The user associated with the dataset, if any.

doi Optional[str]

The Digital Object Identifier (DOI) of the dataset, if any.

pid Optional[int]

The persistent identifier (PID) of the dataset, if any.

m_annotations Optional[dict]

A dictionary of metadata annotations associated with the dataset, if any.

Source code in martignac/nomad/datasets.py
@dataclass(frozen=True)
class NomadDataset:
    """
    Represents a dataset within the NOMAD system.

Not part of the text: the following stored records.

(* Let $G$ be a finite graph with $n$ vertices and maximum degree at most $\Delta$. For any $\epsilon>0$, taking $\lambda=e^{\frac{\Delta\log 2}{2\epsilon}}$, the average matching size $E(G,\lambda)$ is an $\epsilon n$-approximation of the maximum matching size of $G$, i.e. $|E(G,\lambda)-\mathrm{OPT}|\le\epsilon n$ where $\mathrm{OPT}$ is the size of a maximum matching.
   Context: For a finite graph $G$ and $\lambda>0$, $E(G,\lambda)=\sum_{M}|M|\lambda^{|M|}/Z(G,\lambda)$ with $Z(G,\lambda)=\sum_M\lambda^{|M|}$, both sums over all matchings $M$ of $G$. *)

From mathcomp Require Import all_boot all_order all_algebra.
From mathcomp Require Import reals.
From mathcomp.analysis Require Import sequences exp.
Set Implicit Arguments. Unset Strict Implicit. Unset Printing Implicit Defensive.
Import Order.TTheory GRing.Theory Num.Theory.
Local Open Scope ring_scope.

(* A finite simple graph: vertex type T (finite), adjacency e : rel T,
   assumed symmetric and irreflexive (hypotheses of the theorem). *)

Definition edges (T : finType) (e : rel T) : {set {set T}} :=
  [set [set x; y] | x in T, y in T & e x y].

Definition is_matching (T : finType) (e : rel T) (M : {set {set T}}) : bool :=
  (M \subset edges e) && trivIset M.

Definition matchings (T : finType) (e : rel T) : {set {set {set T}}} :=
  [set M | is_matching e M].

Definition deg (T : finType) (e : rel T) (v : T) : nat := #|[set u | e v u]|.

Definition OPT (T : finType) (e : rel T) : nat :=
  \max_(M in matchings e) #|M|.

Definition Zm (R : realType) (T : finType) (e : rel T) (lam : R) : R :=
  \sum_(M in matchings e) lam ^+ #|M|.

Definition Em (R : realType) (T : finType) (e : rel T) (lam : R) : R :=
  (\sum_(M in matchings e) (#|M|%:R * lam ^+ #|M|)) / Zm e lam.

From mathcomp Require Import all_boot all_order all_algebra.
From mathcomp Require Import reals.
From mathcomp.analysis Require Import sequences exp.
From mathcomp Require Import ring lra zify.
Import Order.TTheory GRing.Theory Num.Theory.
Local Open Scope ring_scope.

(* The Gibbs distribution p(M) ~ lam^|M| on matchings has entropy
   ln Z - s E(G, lam) (with lam = e^s), which is at most ln #matchings
   <= #edges * ln 2 <= Delta n ln 2 / 2.  Since Z >= lam^OPT, this gives
   s (OPT - E) <= Delta n ln 2 / 2, i.e. OPT - E <= eps n for the chosen s;
   the other direction E <= OPT is trivial. *)

Lemma mul_ln_div_le (R : realType) (a b : R) :
  0 < a -> 0 < b -> a * ln (b / a) <= b - a.
Proof.
move=> a_gt0 b_gt0; set x := b / a.
have x_gt0 : 0 < x by rewrite divr_gt0.
have ln_x : ln x <= x - 1.
  by have := @le_ln1Dx R (x - 1); rewrite addrCA subrr addr0; apply; lra.
have -> : b - a = a * (x - 1) by rewrite /x; field; rewrite gt_eqF.
by apply: ler_wpM2l => //; exact: ltW.
Qed.

Section GibbsMean.
Variables (R : realType) (I : finType) (A : {pred I}) (f : I -> R) (s : R).

Definition gibbs_sum : R := \sum_(i in A) expR (s * f i).

Definition gibbs_mean : R := (\sum_(i in A) f i * expR (s * f i)) / gibbs_sum.

Variable i0 : I.
Hypothesis A_i0 : i0 \in A.

Lemma expR_le_gibbs_sum : expR (s * f i0) <= gibbs_sum.
Proof.
rewrite /gibbs_sum (bigD1 i0) //= lerDl.
by apply: sumr_ge0 => i _; rewrite ltW ?expR_gt0.
Qed.

Lemma gibbs_sum_gt0 : 0 < gibbs_sum.
Proof. exact: lt_le_trans (expR_gt0 _) expR_le_gibbs_sum. Qed.

Lemma gibbs_mean_le (m : R) : {in A, forall i, f i <= m} -> gibbs_mean <= m.
Proof.
move=> f_le; rewrite ler_pdivrMr ?gibbs_sum_gt0 // /gibbs_sum mulr_sumr.
by apply: ler_sum => i Ai; rewrite ler_wpM2r ?f_le ?ltW ?expR_gt0.
Qed.

Lemma le_gibbs_mean (m : R) : {in A, forall i, m <= f i} -> m <= gibbs_mean.
Proof.
move=> f_ge; rewrite ler_pdivlMr ?gibbs_sum_gt0 // /gibbs_sum mulr_sumr.
by apply: ler_sum => i Ai; rewrite ler_wpM2r ?f_ge ?ltW ?expR_gt0.
Qed.

(* Gibbs' inequality: the entropy ln Z - s <f> of the Gibbs distribution is
   at most ln #|A|; sum [mul_ln_div_le] with a := e^(s f i), b := Z / #|A|. *)
Lemma ln_gibbs_sum_le : ln gibbs_sum <= ln #|A|%:R + s * gibbs_mean.
Proof.
set Z := gibbs_sum; set N : R := #|A|%:R.
have Z_gt0 : 0 < Z := gibbs_sum_gt0.
have N_gt0 : 0 < N by rewrite ltr0n; apply/card_gt0P; exists i0.
have termwise i : expR (s * f i) * (ln Z - ln N - s * f i) <= Z / N - expR (s * f i).
  have := @mul_ln_div_le R _ _ (expR_gt0 (s * f i)) (divr_gt0 Z_gt0 N_gt0).
  by rewrite ln_div ?posrE ?divr_gt0 ?expR_gt0 // expRK ln_div ?posrE.
set S := \sum_(i in A) f i * expR (s * f i).
have entropy_ineq : Z * (ln Z - ln N) - s * S <= 0.
  have <- : \sum_(i in A) (Z / N - expR (s * f i)) = 0.
    by rewrite sumrB sumr_const -mulr_natr mulfVK ?gt_eqF // subrr.
  have -> : Z * (ln Z - ln N) - s * S
      = \sum_(i in A) expR (s * f i) * (ln Z - ln N - s * f i).
    rewrite {1}/Z /gibbs_sum mulr_suml /S mulr_sumr -sumrB.
    by apply: eq_bigr => i _; ring.
  by apply: ler_sum => i _; apply: termwise.
rewrite /gibbs_mean -/Z -/S mulrA -lerBlDl ler_pdivlMr //.
lra.
Qed.

Lemma gibbs_mean_gap : s * (f i0 - gibbs_mean) <= ln #|A|%:R.
Proof.
have := ln_gibbs_sum_le; rewrite -lerBlDr mulrBr.
apply: le_trans; rewrite lerD2r -[s * f i0]expRK.
by rewrite ler_ln ?posrE ?expR_gt0 ?gibbs_sum_gt0 ?expR_le_gibbs_sum.
Qed.

End GibbsMean.

Arguments gibbs_sum {R I} A f s.
Arguments gibbs_mean {R I} A f s.
Arguments gibbs_mean_le {R I A f s i0}.
Arguments le_gibbs_mean {R I A f s i0}.
Arguments gibbs_mean_gap {R I A} f s {i0}.

Section Matchings.
Variables (T : finType) (e : rel T).

Lemma set0_in_matchings : set0 \in matchings e.
Proof. by rewrite inE /is_matching sub0set /trivIset /cover !big_set0 cards0. Qed.

Lemma matching_subset_edges M : M \in matchings e -> M \subset edges e.
Proof. by rewrite inE => /andP[]. Qed.

Lemma card_matching_le_OPT M : M \in matchings e -> (#|M| <= OPT e)%N.
Proof. exact: leq_bigmax_cond. Qed.

Lemma OPT_attained : exists2 M, M \in matchings e & #|M| = OPT e.
Proof.
have matchings_gt0 : (0 < #|matchings e|)%N.
  by apply/card_gt0P; exists set0; exact: set0_in_matchings.
have [M M_match M_max] := eq_bigmax_cond (fun M : {set {set T}} => #|M|) matchings_gt0.
by exists M => //; rewrite /OPT M_max.
Qed.

Lemma OPT_le_card_edges : (OPT e <= #|edges e|)%N.
Proof.
have [M M_match <-] := OPT_attained.
exact/subset_leq_card/matching_subset_edges.
Qed.

Lemma card_matchings_le : (#|matchings e| <= 2 ^ #|edges e|)%N.
Proof.
rewrite -card_powerset; apply/subset_leq_card/subsetP => M M_match.
by rewrite powersetE matching_subset_edges.
Qed.

Hypotheses (e_sym : symmetric e) (e_irr : irreflexive e).

Lemma card_edge S : S \in edges e -> #|S| = 2%N.
Proof.
case/imset2P=> x y _; rewrite inE => /andP[_ exy] ->.
by rewrite cards2; case: eqP => // x_y; rewrite x_y e_irr in exy.
Qed.

Lemma edges_at_le_deg v : (#|[set S in edges e | v \in S]| <= deg e v)%N.
Proof.
apply: leq_trans (leq_imset_card (fun u => [set v; u]) [set u | e v u]).
apply/subset_leq_card/subsetP => S; rewrite inE => /andP[].
case/imset2P=> x y _; rewrite inE => /andP[_ exy] -> /set2P[] ->.
  by apply/imsetP; exists y; rewrite ?inE.
by apply/imsetP; exists x; rewrite ?inE 1?e_sym // setUC.
Qed.

Lemma double_count_edges :
  (2 * #|edges e| = \sum_(v : T) #|[set S in edges e | v \in S]|)%N.
Proof.
rewrite mulnC -sum_nat_const -(eq_bigr _ card_edge).
under eq_bigr do rewrite -sum1_card big_mkcond /=.
rewrite exchange_big; apply: eq_bigr => v _.
rewrite -sum1_card big_mkcond [RHS]big_mkcond /=.
by apply: eq_bigr => S _; rewrite inE; case: (S \in edges e).
Qed.

Lemma handshake_le (Delta : nat) :
  (forall v, (deg e v <= Delta)%N) -> (2 * #|edges e| <= Delta * #|T|)%N.
Proof.
move=> deg_le; rewrite double_count_edges mulnC -sum_nat_const.
by apply: leq_sum => v _; exact: leq_trans (edges_at_le_deg v) (deg_le v).
Qed.

End Matchings.

Arguments OPT_attained {T} e.
Arguments card_matching_le_OPT {T e M}.
Arguments OPT_le_card_edges {T} e.
Arguments handshake_le {T e} e_sym e_irr {Delta}.

Lemma Em_gibbs_mean (R : realType) (T : finType) (e : rel T) (s : R) :
  Em e (expR s) = gibbs_mean (matchings e) (fun M => #|M|%:R) s.
Proof.
rewrite /Em /Zm /gibbs_mean /gibbs_sum.
by congr (_ / _); apply: eq_bigr => M _; rewrite [s * _]mulrC expRM_natl.
Qed.

Theorem lemma6 (R : realType) (T : finType) (e : rel T)
  (e_sym : symmetric e) (e_irr : irreflexive e)
  (Delta : nat) (hdeg : forall v : T, (deg e v <= Delta)%N)
  (eps : R) (heps : 0 < eps) :
  let lam := expR (Delta%:R * ln 2 / (2 * eps)) in
  `|Em e lam - (OPT e)%:R| <= eps * #|T|%:R.
Proof.
rewrite /= Em_gibbs_mean; set s := _ / _; set E := gibbs_mean _ _ _.
have [Mo Mo_match Mo_OPT] := OPT_attained e.
have E_le_OPT : E <= (OPT e)%:R.
  apply: (gibbs_mean_le Mo_match) => M M_match.
  by rewrite ler_nat card_matching_le_OPT.
have E_ge0 : 0 <= E by apply: (le_gibbs_mean Mo_match) => M _.
have handshake := handshake_le e_sym e_irr hdeg.
rewrite ler0_norm ?subr_le0 // opprB.
(* For Delta = 0 we have s = 0, but then the graph is edgeless. *)
have [Delta0|Delta_gt0] := posnP Delta.
  have : (OPT e <= 0)%N.
    by have := OPT_le_card_edges e; move: handshake; rewrite Delta0; lia.
  rewrite leqn0 => /eqP ->; rewrite sub0r.
  by have := mulr_ge0 (ltW heps) (ler0n R #|T|); lra.
have ln2_gt0 : 0 < ln (2 : R) by rewrite ln_gt0 ?ltr1n.
have s_gt0 : 0 < s by rewrite divr_gt0 ?mulr_gt0 ?ltr0n.
have gap := gibbs_mean_gap (fun M : {set {set T}} => #|M|%:R) s Mo_match.
rewrite Mo_OPT -/E in gap.
have ln_N : ln #|matchings e|%:R <= #|edges e|%:R * ln 2 :> R.
  rewrite mulr_natl -lnXn // -natrX ler_ln ?posrE ?ltr0n ?expn_gt0 // ?ler_nat.
    exact: card_matchings_le.
  by apply/card_gt0P; exists Mo.
rewrite -(ler_pM2l s_gt0); apply: le_trans gap _; apply: le_trans ln_N _.
have -> : s * (eps * #|T|%:R) = Delta%:R * #|T|%:R / 2 * ln 2.
  by rewrite /s; field; rewrite gt_eqF.
by rewrite ler_pM2r // ler_pdivlMr // mulrC -!natrM ler_nat.
Qed.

    This class defines the structure of a dataset object used in the NOMAD application, including its metadata and
    associated user information. It is designed to be immutable, with all attributes set at the time of instantiation.

    Attributes:
        dataset_id (str): Unique identifier for the dataset.
        dataset_create_time (dt.datetime): The creation time of the dataset.
        dataset_name (str): The name of the dataset.
        dataset_type (Optional[str]): The type of the dataset, if specified.
        dataset_modified_time (Optional[dt.datetime]): The last modification time of the dataset, if any.
        user (Optional[NomadUser]): The user associated with the dataset, if any.
        doi (Optional[str]): The Digital Object Identifier (DOI) of the dataset, if any.
        pid (Optional[int]): The persistent identifier (PID) of the dataset, if any.
        m_annotations (Optional[dict]): A dictionary of metadata annotations associated with the dataset, if any.
    """

    dataset_id: str
    dataset_create_time: dt.datetime
    dataset_name: str
    dataset_type: Optional[str] = None
    dataset_modified_time: Optional[dt.datetime] = None
    user: Optional[NomadUser] = None
    doi: Optional[str] = None
    pid: Optional[int] = None
    m_annotations: Optional[dict] = None
    use_prod: Optional[bool] = None

    @property
    def base_url(self) -> Optional[str]:
        if self.use_prod is not None:
            return get_nomad_base_url(self.use_prod)
        return None

    @property
    def nomad_gui_url(self) -> str:
        if self.base_url is None:
            raise ValueError(f"missing attribute 'use_prod' for entry {self}")
        return f"{self.base_url}/gui/user/datasets/dataset/id/{self.dataset_id}"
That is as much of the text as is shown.